Worker: Core Concepts¶

Key Characteristics¶

Continuous Execution: Workers are built to run perpetually, performing their assigned tasks without a defined end time.
No Ingress: Workers do not have ingress ports like Services.
Throughput-Based: Workers are throughput-based and do not require synchronous responses.
Lightweight: Workers are lightweight compared to Services, as they do not require multiple open network ports. This makes them faster to deploy and more efficient.
Specialized Execution: Worker is a self-contained system, an independent entity, ideal for executing specific tasks within a larger application, providing focused functionality.
Autoscalability: Workers can be autoscaled to handle larger workloads, making them highly adaptable.
Robustness: Workers are perfect for use cases where robustness and continuous execution are essential.

Workflow, Service, and Worker: Key Differences¶

Workflow, Service, and Worker are distinct runnable DataOS Resources, each with unique roles in the ecosystem. Data developers often face the dilemma of deciding when to use a Workflow, a Service, or a Worker in the DataOS environment. To aid in this decision-making process, the following table compares Workflow, Service, and Worker comprehensively, helping developers understand their distinct characteristics and optimal use cases within the DataOS ecosystem.

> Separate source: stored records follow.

Lemma knot_piece j : (j < 2 * (n - 1))%nat ->
  exists k, (k + 1 < n)%nat /\ (j = 2 * k \/ j = 2 * k + 1)%nat.
Proof.
  intros Hj; destruct (Nat.Even_or_Odd j) as [[k Hk]|[k Hk]]; exists k; split; lia.
Qed.

Lemma piece_kink_bounds k : (k + 1 < n)%nat -> 0 < piece_kink k < width k.
Proof. intros Hk; destruct (gaps_bounds k Hk) as [Hw [Ha [Hb _]]]; apply kink_bounds; auto. Qed.

Lemma knots_increasing j : (j < 2 * (n - 1))%nat -> knot j < knot (j + 1).
Proof.
  intros Hj; destruct (knot_piece j Hj) as [k [Hk [-> | ->]]];
    pose proof (piece_kink_bounds k Hk).
  - rewrite knot_even, knot_odd; lra.
  - rewrite knot_odd, knot_odd_next, (proj1 (node_identities k Hk)); lra.
Qed.

Lemma slopes_bounds_data j : (j < 2 * (n - 1))%nat -> / (C * C) <= slope j <= C * C.
Proof.
  intros Hj; destruct (knot_piece j Hj) as [k [Hk Hjk]];
    destruct (gaps_bounds k Hk) as [Hw [Ha [Hb [Hs [Hr _]]]]];
    destruct (slopes_bounds _ _ _ Hw Ha Hb C C_ge_1 Hs Hr).
  destruct Hjk as [-> | ->]; [rewrite slope_even | rewrite slope_odd]; auto.
Qed.

Lemma f'_linear_on_knots j : (j < 2 * (n - 1))%nat ->
  forall z, knot j <= z <= knot (j + 1) ->
  spline fpiece' z = spline fpiece' (knot j) + slope j * (z - knot j).
Proof.
  intros Hj z Hz; destruct (knot_piece j Hj) as [k [Hk Hjk]].
  pose proof (piece_kink_bounds k Hk).
  destruct (node_identities k Hk) as [Ex _].
  destruct fpieces_interpolate as [_ HF'].
  assert (Hon : forall u, knot j <= u <= knot (j + 1) -> spline fpiece' u = fpiece' k u).
  { intros u Hu; apply (spline_on_piece _ p); auto.
    destruct Hjk as [-> | ->];
      [rewrite knot_even, knot_odd in Hu | rewrite knot_odd, knot_odd_next in Hu]; lra. }
  rewrite !Hon by lra; unfold fpiece'.
  destruct (gaps_bounds k Hk) as [Hw [Ha [Hb _]]].
  destruct Hjk as [-> | ->].
  - rewrite knot_even, knot_odd in *; rewrite slope_even.
    apply qpiece'_left_linear; auto; unfold piece_kink in Hz; lra.
  - rewrite knot_odd, knot_odd_next in *; rewrite slope_odd.
    apply qpiece'_right_linear; unfold piece_kink in Hz; lra.
Qed.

Characteristic	Workflow	Service	Worker
Overview	Workflows orchestrate sequences of tasks, jobs, or processes, terminating upon successful completion or failure.	Services are long-running processes that continuously operate, serve, and process API requests.	Workers execute specific tasks or computations continuously without a defined end time.
Execution Model	Workflows process data in discrete chunks, following predefined DAGs (Directed Acyclic Graphs).	Services expose API endpoints and ingress ports for external data or request intake. They don’t have DAGs.	Workers perform continuous task execution independently, without synchronous inputs or ingress ports.
Data Dependency	Workflows follow predefined orders or DAGs, depending on data input sequences.	Services rely on incoming data through ingress ports for logic execution.	Workers are throughput-based and do not require synchronous inputs or ingress ports.
Stack Orchestration	Yes	Yes	Yes
Scope	Workspace-level	Workspace-level	Workspace-level
Use Cases	1. Batch Data Processing Pipelines: Ideal for orchestrating complex data processing pipelines. 2. Scheduled Jobs: Perfect for automating tasks at specific intervals, such as data backups and ETL processes.	1. API Endpoints: Used to create API endpoints for various purposes, such as data retrieval and interaction with external systems. 2. User Interfaces: Suitable for building interfaces that interact with data or services.	1. Continuous Processing: Perfect for tasks like real-time analytics, and event-driven operations. 2. Independence: Ideal for creating independent systems that perform specific tasks indefinitely.